Section 2 of the LPA was one of the more important provisions of the Act. The power to overreach equitable interests was not a new concept, but the 1925 Act’s regime of overreaching went further than the previous law and allowed equitable interests which were not subordinate to any existing settlement or trust for sale to automatically and compulsorily be shifted to the proceeds of sale, with exceptions for some registerable interests. A purchaser could also require a transaction to be through the means of a trust for sale: s.42. This change all but abolished the doctrine of notice. This, is the ‘curtain’ principle. A purchaser would now discover registered equitable interests by looking on the register. Establishing the title to the legal estate was hugely simplified.

The rules on devolution on intestacy were also simplified. The “heir-at-law” was abolished, as was tenancy by curtesy, dower and free bench. We now barely recall what these were. Escheat was abolished (replaced with the right to take real estate as bona vacantia). The estate of a deceased would now devolve on the personal representative.  There were many other significant changes made by the Acts, but as explained above, this is not intended to be a comprehensive explanation of the Acts.

Happy Birthday LPA

Looking back at the reforms achieved in 1925 Acts is quite humbling. It is difficult to imagine such far-reaching reforms would be possible today.

Many students and lawyers, including property practitioners, consider modern English land law complicated, perhaps unnecessarily so. Our predecessors would tell us that “you don’t know you’re born.” The law of property can still be complicated, perhaps notably on those rare occasions when we have to consider the law pre-1925.

The law has, of course, now moved on from the 1925 Acts, most notably in the further advancement of Land Registration and the replacement of the Land Registration Act 1925 with the Land Registration Act 2002.  The modern world, with its technological advances and the current political desire to do away with leasehold tenure, looks likely to give rise to future developments. But whatever lies ahead, we are grateful to be property practitioners in 2025, looking back at what the 1925 Acts did, rather than practitioners in 1925 when, it is said, many solicitors retired rather than having to grapple with the brave new world of property law.

 

[1] For those really interested we commend the series of lectures given by Sir Benjamin Cherry to the Law Society in November-December 1925, published by the Law Society. But note, even Cherry said, in lecture 1 “I cannot promise you a rollicking time, but I will do my best not to bore you to distraction.”

[2] See s.149 LPA.

[3] Delivered on 4 November 1925.

[4] BCL, MA, Emeritus Fellow of Hertford College Oxford.

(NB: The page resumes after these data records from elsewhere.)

Definition phi (a : R) : R :=
  if L == 2%N then 2^-1 * (xlogx a - a) else phi_coef * powR a phi_exp.
Definition dphi (a : R) : R :=
  if L == 2%N then 2^-1 * ln a else phi_coef * (phi_exp * powR a (phi_exp - 1)).
Definition ddphi (a : R) : R :=
  if L == 2%N then 2^-1 * a^-1
  else phi_coef * (phi_exp * ((phi_exp - 1) * powR a (phi_exp - 1 - 1))).

Lemma Fpot_sum {N} (q : 'cV[R]_N) : Fpot L q = \sum_i phi (q i 0).
Proof. by rewrite /Fpot /phi; case: ifP => _; rewrite big_distrr. Qed.

Lemma phi_derive (a : R) : 0 < a -> is_derive a 1 phi (dphi a).
Proof.
move=> a0; rewrite /phi /dphi; case: ifP => _; last first.
  exact/drv_scale/is_derive1_powR.
have H := drv_scale (2^-1 : R) (drv_sub (drv_mul (drv_id a) (is_derive1_ln a0)) (drv_id a)).
rewrite mulfV ?gt_eqF // mulr1 addrC addKr in H.
apply: drv_near H; near=> s; rewrite /xlogx gt_eqF //.
by near: s; exact: near_pos.
Unshelve. all: by end_near. Qed.

Lemma dphi_derive (a : R) : 0 < a -> is_derive a 1 dphi (ddphi a).
Proof.
move=> a0; rewrite /dphi /ddphi; case: ifP => _.
  exact: (drv_scale (2^-1 : R) (is_derive1_ln a0)).
exact/drv_scale/drv_scale/is_derive1_powR.
Qed.

(* The identity behind the theorem: the Hessian of [phi] at [y^L] exactly
   compensates the factor [y^(L-1)] that appears twice in the flow of [y^L]. *)
Lemma ddphi_pow (y : R) : (2 <= L)%N -> 0 < y ->
  ddphi (y ^+ L) * (y ^+ L.-1 * y ^+ L.-1) = L%:R^-1.
Proof.
move=> L2 y0; rewrite -exprD /ddphi; case: ifP => [/eqP ->|L2'].
  by rewrite /= -mulrA mulVf ?mulr1 // expf_neq0 // gt_eqF.
have L3 : (2 < L)%N by rewrite ltn_neqAle eq_sym L2' L2.
have Ln0 : (L%:R : R) != 0 by rewrite pnatr_eq0 -lt0n (ltn_trans _ L3).
have L2n0 : (2 - L%:R : R) != 0 by rewrite subr_eq0 lt_eqF // (ltr_nat R 2 L).
rewrite -!powR_mulrn ?ltW // -powRrM -!mulrA -powRD; last first.
  by apply/implyP => _; rewrite gt_eqF.
have -> : L%:R * (phi_exp - 1 - 1) + (L.-1 + L.-1)%:R = 0 :> R.
  have L1 : (L.-1)%:R = L%:R - 1 :> R.
    by rewrite -[in RHS](prednK (ltnW L2)) -natr1 addrK.
  by rewrite natrD L1 /phi_exp; field.
by rewrite powRr0 mulr1 /phi_coef /phi_exp; field; rewrite Ln0 L2n0.
Qed.

Lemma partial_Fpot {N} (q : 'cV[R]_N) i : (forall j, 0 < q j 0) ->
  partial (Fpot L) i q = dphi (q i 0).
Proof.
move=> q0; pose d j := (delta_mx i 0 : 'cV[R]_N) j 0.
have H : is_derive (0:R) 1 (fun s : R => \sum_j phi (q j 0 + s * d j))
   (\sum_j (dphi (q j 0) * (0 + (0 * 0 + d j * 1)))).
  apply: drv_sum => j.
  have Hq : is_derive (q j 0 + 0 * d j) 1 phi (dphi (q j 0)).
    by rewrite mul0r addr0; apply: phi_derive.
  exact: (@drv_comp _ phi (fun s => q j 0 + s * d j) _ _ _ Hq
           (drv_add (drv_cst _ _) (drv_mul (drv_id _) (drv_cst _ _)))).
transitivity (derive1 (fun s : R => \sum_j phi (q j 0 + s * d j)) 0).
  rewrite /partial; congr (derive1 _ 0); apply/funext => s.
  by rewrite Fpot_sum; apply: eq_bigr => j _; rewrite /d !mxE.
have [_ ->] := drv_val H.
rewrite -(sum_mul_delta (fun j => dphi (q j 0)) i); apply: eq_bigr => j _.
by rewrite /d; ring.
Qed.

Definition breg (p q : R) : R := phi p - phi q - dphi q * (p - q).

Lemma bregman_sum {N} (p q : 'cV[R]_N) : (forall i, 0 < q i 0) ->
  bregman L p q = \sum_i breg (p i 0) (q i 0).
Proof.
move=> q0; rewrite /bregman !Fpot_sum -!sumrB; apply: eq_bigr => i _.
by rewrite partial_Fpot.
Qed.

Lemma breg_derive (p : R) (q : R -> R) (t dq : R) : 0 < q t ->
  is_derive t 1 q dq ->
  is_derive t 1 (fun s => breg p (q s)) (ddphi (q t) * dq * (q t - p)).
Proof.
move=> q0 Hq.
have Hphi := drv_comp (phi_derive _ q0) Hq.
have Hdphi := drv_comp (dphi_derive _ q0) Hq.
drv_ext (drv_sub (drv_sub (drv_cst (phi p) t) Hphi)
                 (drv_mul Hdphi (drv_sub (drv_cst p t) Hq))) => //.
by rewrite /=; ring.
Qed.

End Potential.

Section Flow.
Context {R : realType} {M N : nat} (L : nat) (A : 'M[R]_(M, N)) (b : 'cV[R]_M)
  (r : R -> R) (u : R -> 'cV[R]_N).
Hypothesis L2 : (2 <= L)%N.
Hypothesis Hr : forall t : R, 0 < t ->
  derivable r t 1 /\ derive1 r t = - (r t ^+ 2 * grad_r L A b (r t) (u t)).
Hypothesis Hu : forall t : R, 0 < t -> forall i : 'I_N,
  derivable (fun s => u s i 0) t 1 /\
  derive1 (fun s => u s i 0) t = - grad_u L A b (r t) (u t) i.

[5] The 1925 Property Legislation: Setting Context. Land Law Themes and perspectives, Oxford University Press 1998.   

[6] See his First Lecture, ibid.

[7] Per Viscount Haldane  in his Preface to Mr Cherry’s Lectures.

[8] In his article written in May 1925,  The Reform of Real Property Law in England, Columbia Law Review, Vol.25, No. 5 (May 1925), pp. 609-627

[9] (1920) HLP v 323.

[10] The Reform of Real Property Law in England Columbia Law Review, Vol.25, No. 5 (May 1925), pp. 609-627.

[11] See Viscount Haldane in his preface “But great as was the new Property Act of 1922 it had become obvious that more was requisite.

[12] Ibid. vii

[13] See, for example the co-existence of s.1(1) and s.1(4) of the LPA.

[14] Section 1 of the LPA.

[15] In his first lecture to the Law Society, ibid.

[16] Now replaced by the Trusts of Land and Appointment of Trustees Act 1996.